Eiland: 'The disengagement was a missed opportunity of historic proportions'
By Ari Shavit Haaretz 4 June 2006
www.haaretz.com/hasen/spages/722351.html

In an interview to Haaretz, the outgoing head of the National Security
Council (NSC), Major General Giora Eiland describes the disengagement from
the Gaza Strip as a "missed opportunity of historic proportions." The man
whose last posting in the IDF was as head of operations, also warns that the
convergence plan will not bring stability to the Middle East. After two and
a half years at the NSC, Eiland also comments on the informal way strategic
decisions are made in Israel.

You planned the disengagement for former prime minister Ariel Sharon. Was
the disengagement a right move or a mistake?

Eiland: "The disengagement was a missed opportunity of historic proportions.
I would like to explain.

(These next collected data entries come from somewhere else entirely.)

Inductive gwf (A : Type) (ar : A -> nat) : gtree A -> Prop :=
| gwf_leaf : gwf ar Leaf
| gwf_node : forall a cs, size cs = ar a -> List.Forall (gwf ar) cs ->
    gwf ar (Node a cs).

Fixpoint deg (A : Type) (t : gtree A) : nat :=
  match t with
  | Leaf => 0
  | Node _ cs => (sumn (map (@deg A) cs)).+1
  end.

(* s is a prefix of t: t is obtained from s by grafting trees on leaves of s *)
Inductive prefix (A : Type) : gtree A -> gtree A -> Prop :=
| prefix_leaf : forall t, prefix Leaf t
| prefix_node : forall a cs ds, List.Forall2 (@prefix A) cs ds ->
    prefix (Node a cs) (Node a ds).

Definition counts (T : Type) (P : T -> Prop) (k : nat) : Prop :=
  exists l : list T, List.NoDup l /\ (forall x, List.In x l <-> P x)
                     /\ length l = k.

Definition interval_mn (A : Type) (ar : A -> nat) (m n : nat)
  (p : gtree A * gtree A) : Prop :=
  gwf ar p.1 /\ gwf ar p.2 /\ prefix p.1 p.2 /\ deg p.1 = m /\ deg p.2 = n.

(* Formal power series in q,t with integer coefficients: F m n is the
   coefficient of q^m t^n. *)
Definition fps := nat -> nat -> int.

Local Open Scope ring_scope.

Definition fps_one : fps := fun m n => if (m == 0%N) && (n == 0%N) then 1 else 0.
Definition fps_add (F G : fps) : fps := fun m n => F m n + G m n.
Definition fps_sub (F G : fps) : fps := fun m n => F m n - G m n.
Definition fps_mul (F G : fps) : fps := fun m n =>
  \sum_(i < m.+1) \sum_(j < n.+1) F i j * G (m - i)%N (n - j)%N.
Fixpoint fps_pow (F : fps) (k : nat) : fps :=
  match k with 0 => fps_one | k'.+1 => fps_mul F (fps_pow F k') end.
Definition fps_mulT (F : fps) : fps := fun m n =>
  if n is n'.+1 then F m n' else 0.
Definition fps_mulQT (F : fps) : fps := fun m n =>
  match m, n with m'.+1, n'.+1 => F m' n' | _, _ => 0 end.
Definition fps_R (A : finType) (ar : A -> nat) (F : fps) : fps := fun m n =>
  \sum_(a : A) fps_pow F (ar a) m n.

(* An interval [s, t] with t = a(t_1, ..., t_k) has either s = leaf or
   s = a(s_1, ..., s_k) with s_i a prefix of t_i; in both cases it is determined
   by the letter a and the k-tuple of intervals [s_i, t_i], where s_i = leaf in
   the first case.  Counting such tuples gives
     I_{m, n+1} = [q^(m-1) t^n] R(I)  for m >= 1,   I_{0, n+1} = [q^0 t^n] R(I).
   Hence the intervals with s <> leaf contribute qt R(I), so that I - qt R(I) is
   the q-free part I(0, t), and the intervals with s = leaf contribute
   t R(I(0, t)). *)

From Stdlib Require Import List.
From Pilot Require Import Defs.
From mathcomp Require Import all_boot all_algebra zify.
Set Implicit Arguments. Unset Strict Implicit. Unset Printing Implicit Defensive.
Import GRing.Theory.

Section Counting.

Variable X : Type.
Implicit Types (P Q : X -> Prop) (x : X).

Lemma counts_ext P Q k : (forall x, P x <-> Q x) -> counts P k -> counts Q k.
Proof.
move=> PQ [l [l_uniq [l_P l_size]]]; exists l; split=> //; split=> // x.
by rewrite l_P PQ.
Qed.

Lemma counts0 P : (forall x, ~ P x) -> counts P 0.
Proof.
move=> nP; exists nil; split; first exact: NoDup_nil.
by split=> // x; split=> [[]|/nP].
Qed.

Lemma counts1 x0 : counts (fun x => x = x0) 1.
Proof.
exists (x0 :: nil); split; first by apply: NoDup_cons => //; apply: NoDup_nil.
by split=> // x /=; split=> [[<-|[]]|->] //; left.
Qed.

Lemma counts_disjointU P Q a b :
  (forall x, P x -> Q x -> False) -> counts P a -> counts Q b ->
  counts (fun x => P x \/ Q x) (a + b).
Proof.
move=> PQ0 [l [l_uniq [l_P <-]]] [l' [l'_uniq [l'_Q <-]]].
exists (l ++ l'); split.
  by apply: NoDup_app => // x /l_P Px /l'_Q; apply: PQ0.
by split=> [x|]; rewrite ?in_app_iff ?l_P ?l'_Q // length_app.
Qed.

Lemma counts_bigU_seq (I : eqType) (s : seq I) (P : I -> X -> Prop) c :
  uniq s -> (forall i i' x, P i x -> P i' x -> i = i') ->
  (forall i, i \in s -> counts (P i) (c i)) ->
  counts (fun x => exists2 i, i \in s & P i x) (\sum_(i <- s) c i).
Proof.
move=> + P_inj; elim: s => [_ _|i0 s IHs /= /andP[i0_s s_uniq] cP].
  by rewrite big_nil; apply: counts0 => x [].
rewrite big_cons; apply: (@counts_ext (fun x => P i0 x \/ exists2 i, i \in s & P i x)).
  move=> x; split=> [[Px|[i i_s Px]]|[i]]; first by exists i0; rewrite ?inE ?eqxx.
    by exists i; rewrite // inE i_s orbT.
  by rewrite inE => /orP[/eqP->|i_s Px]; [left | right; exists i].
apply: counts_disjointU; last 2 first.
- by apply: cP; rewrite inE eqxx.
- by apply: IHs => // i i_s; apply: cP; rewrite inE i_s orbT.
by move=> x Px [i i_s /(P_inj _ _ _ Px) i0i]; rewrite i0i i_s in i0_s.
Qed.

Lemma counts_bigU (I : finType) (P : I -> X -> Prop) c :
  (forall i i' x, P i x -> P i' x -> i = i') ->
  (forall i, counts (P i) (c i)) ->
  counts (fun x => exists i, P i x) (\sum_i c i).
Proof.
move=> P_inj cP; apply: (@counts_ext (fun x => exists2 i, i \in index_enum I & P i x)).
  by move=> x; split=> [[i _ Px]|[i Px]]; exists i; rewrite ?mem_index_enum.
exact: counts_bigU_seq (index_enum_uniq I) P_inj (fun i _ => cP i).
Qed.

Lemma counts_image (Y : Type) (f : X -> Y) P k :
  (forall x x', P x -> P x' -> f x = f x' -> x = x') -> counts P k ->
  counts (fun y => exists2 x, P x & y = f x) k.
Proof.
move=> f_inj [l [l_uniq [l_P <-]]]; exists (List.map f l); split.
  by apply: NoDup_map_NoDup_ForallPairs => // x x' /l_P Px /l_P; apply: f_inj.
split=> [y|]; last exact: length_map.
rewrite in_map_iff; split=> [[x [<- /l_P]]|[x /l_P]]; first by exists x.
by move=> lx ->; exists x.
Qed.

Lemma counts_cons P (L : list X -> Prop) a b :
  counts P a -> counts L b ->
  counts (fun l => exists x l', [/\ l = x :: l', P x & L l']) (a * b).
Proof.
move=> [l [l_uniq [l_P <-]]] [ls [ls_uniq [ls_L <-]]].
exists (flat_map (fun x => List.map (cons x) ls) l); split; last split.
- elim: l l_uniq {l_P} => [_|x l IHl /NoDup_cons_iff[x_l l_uniq]] /=.
    exact: NoDup_nil.
  apply: NoDup_app => [||_ /in_map_iff[l' [<- _]]].
  + by apply: NoDup_map_NoDup_ForallPairs => // ? ? _ _ [].
  + exact: IHl.
  move=> /in_flat_map[y [y_l /in_map_iff[l'' [[yx _] _]]]].
  by rewrite yx in y_l.
- move=> l'; rewrite in_flat_map; split.
    move=> [x [/l_P Px /in_map_iff[l'' [<- /ls_L Ll'']]]].
    by exists x, l''.
  move=> [x [l'' [-> Px Ll'']]]; exists x; split; first exact/l_P.
  by apply/in_map_iff; exists l''; split=> //; apply/ls_L.
- elim: l {l_uniq l_P} => //= x l IHl.
  by rewrite length_app length_map IHl.
Qed.

End Counting.

Section ListFacts.

Variables X Y : Type.

Lemma List_mapE (f : X -> Y) l : List.map f l = map f l.
Proof. by elim: l => //= x l ->. Qed.

Lemma Forall2_unzip (R : X -> Y -> Prop) l :
  List.Forall (fun p => R p.1 p.2) l -> List.Forall2 R (unzip1 l) (unzip2 l).
Proof. by elim=> [|p l' Rp _ IHl] /=; constructor. Qed.

Lemma Forall_zip (P : X -> Prop) (Q : Y -> Prop) (R : X -> Y -> Prop) cs ds :
  List.Forall2 R cs ds -> List.Forall P cs -> List.Forall Q ds ->
  List.Forall (fun p => [/\ P p.1, Q p.2 & R p.1 p.2]) (zip cs ds).
Proof.
elim=> [|c d cs' ds' Rcd _ IH] /=; first by constructor.
by move=> /Forall_cons_iff[Pc Pcs] /Forall_cons_iff[Qd Qds]; constructor; auto.
Qed.

End ListFacts.

Section NatSeries.

Implicit Types F G : nat -> nat -> nat.

Definition nfps_mul F G m n :=
  \sum_(i < m.+1) \sum_(j < n.+1) F i j * G (m - i) (n - j).

Fixpoint nfps_pow F k : nat -> nat -> nat :=
  if k is k'.+1 then nfps_mul F (nfps_pow F k')
  else fun m n => (m == 0) && (n == 0).

Lemma nfps_pow_local F G k m n : (forall i j, j <= n -> F i j = G i j) ->
  nfps_pow F k m n = nfps_pow G k m n.
Proof.
elim: k m n => [//|k IHk] m n FG /=.
apply: eq_bigr => i _; apply: eq_bigr => j _.
rewrite FG ?leq_ord ?IHk // => i' j' le_j'.
by apply: FG; rewrite (leq_trans le_j') ?leq_subr.
Qed.

End NatSeries.

Section GradedTuples.

Variables (X : Type) (Q : nat -> nat -> X -> Prop) (d1 d2 : X -> nat).
Hypothesis Q_grade : forall i j x, Q i j x -> d1 x = i /\ d2 x = j.

Definition graded_tuple k m n (l : list X) :=
  [/\ size l = k, List.Forall (fun x => Q (d1 x) (d2 x) x) l,
      sumn (map d1 l) = m & sumn (map d2 l) = n].

Lemma graded_tuple0 m n l :
  graded_tuple 0 m n l <-> [/\ l = nil, m = 0 & n = 0].
Proof.
split=> [[/size0nil-> _ <- <-] //|[-> -> ->]].
by split=> //; apply: Forall_nil.
Qed.

Lemma graded_tupleS k m n l :
  graded_tuple k.+1 m n l <->
  exists ij : 'I_m.+1 * 'I_n.+1, exists x l',
    [/\ l = x :: l', Q ij.1 ij.2 x & graded_tuple k (m - ij.1) (n - ij.2) l'].
Proof.
split=> [|[[i j] [x [l' [-> /[dup] /Q_grade[/= d1x d2x] Qx [size_l' l'_Q]]]]]].
  case: l => [|x l'] [//= [size_l'] /Forall_cons_iff[Qx l'_Q] dm dn].
  have lt_d1x : d1 x < m.+1 by rewrite ltnS -dm leq_addr.
  have lt_d2x : d2 x < n.+1 by rewrite ltnS -dn leq_addr.
  by exists (Ordinal lt_d1x, Ordinal lt_d2x), x, l'; split=> //; split=> //=; lia.
rewrite -d1x -d2x => dm dn; split=> /=; rewrite ?size_l' //.
- by apply: Forall_cons; rewrite ?d1x ?d2x.
- by have := ltn_ord i; lia.
- by have := ltn_ord j; lia.
Qed.

Lemma counts_graded_tuple c k m n :
  (forall i j, j <= n -> counts (Q i j) (c i j)) ->
  counts (graded_tuple k m n) (nfps_pow c k m n).
Proof.
elim: k m n => [|k IHk] m n cQ /=.
  case: (boolP ((m == 0) && (n == 0))) => [/andP[/eqP-> /eqP->]|mn_neq0].
    apply: (counts_ext _ (counts1 nil)) => l.
    by rewrite graded_tuple0; split=> [->|[]].
  apply: counts0 => l /graded_tuple0[_ m0 n0].
  by rewrite m0 n0 in mn_neq0.
rewrite /nfps_mul pair_bigA /=.
apply: (counts_ext (fun l => iff_sym (graded_tupleS k m n l))).
apply: counts_bigU => [[i j] [i' j'] l|[i j]].
  move=> [x [l' [-> /Q_grade[d1x d2x] _]]] [x' [l'' [[<- _] /Q_grade[d1x' d2x'] _]]].
  by congr pair; apply: val_inj; rewrite /= -?d1x -?d2x -?d1x' -?d2x'.
apply: counts_cons; first by apply: cQ; rewrite leq_ord.
by apply: IHk => i' j' le_j'; apply: cQ; rewrite (leq_trans le_j') ?leq_subr.
Qed.

End GradedTuples.

Section Intervals.

Variables (A : finType) (ar : A -> nat).
Implicit Types (a : A) (l : seq (gtree A * gtree A)).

The disengagement contributed nothing to the
solution of the Israeli-Palestinian conflict."

In the government establishment, in which you were a member, was there an
organized discussion on whether the disengagement was the right move?

"No. When I assumed my office, on 18 January, 2004, there was only an
amorphous term 'disengagement' from a speech in Herzliya. I asked Sharon how
much time I had to formulate a plan and he told me, four months. But very
quickly it became clear to me that [PM Sharon's adviser] Dov Weissglas had
already met with the Americans and committed us to a major unilateral step
both in Gaza and the West Bank.

"Immediately after, Sharon committed himself to the evacuation of 18
settlements in the Gaza Strip in an interview to [Haaretz's] Yoel Marcus,
and at that point the game was up. The planning process I had began blew
up."

Was the question of what we could get in exchange for the Gaza Strip asked?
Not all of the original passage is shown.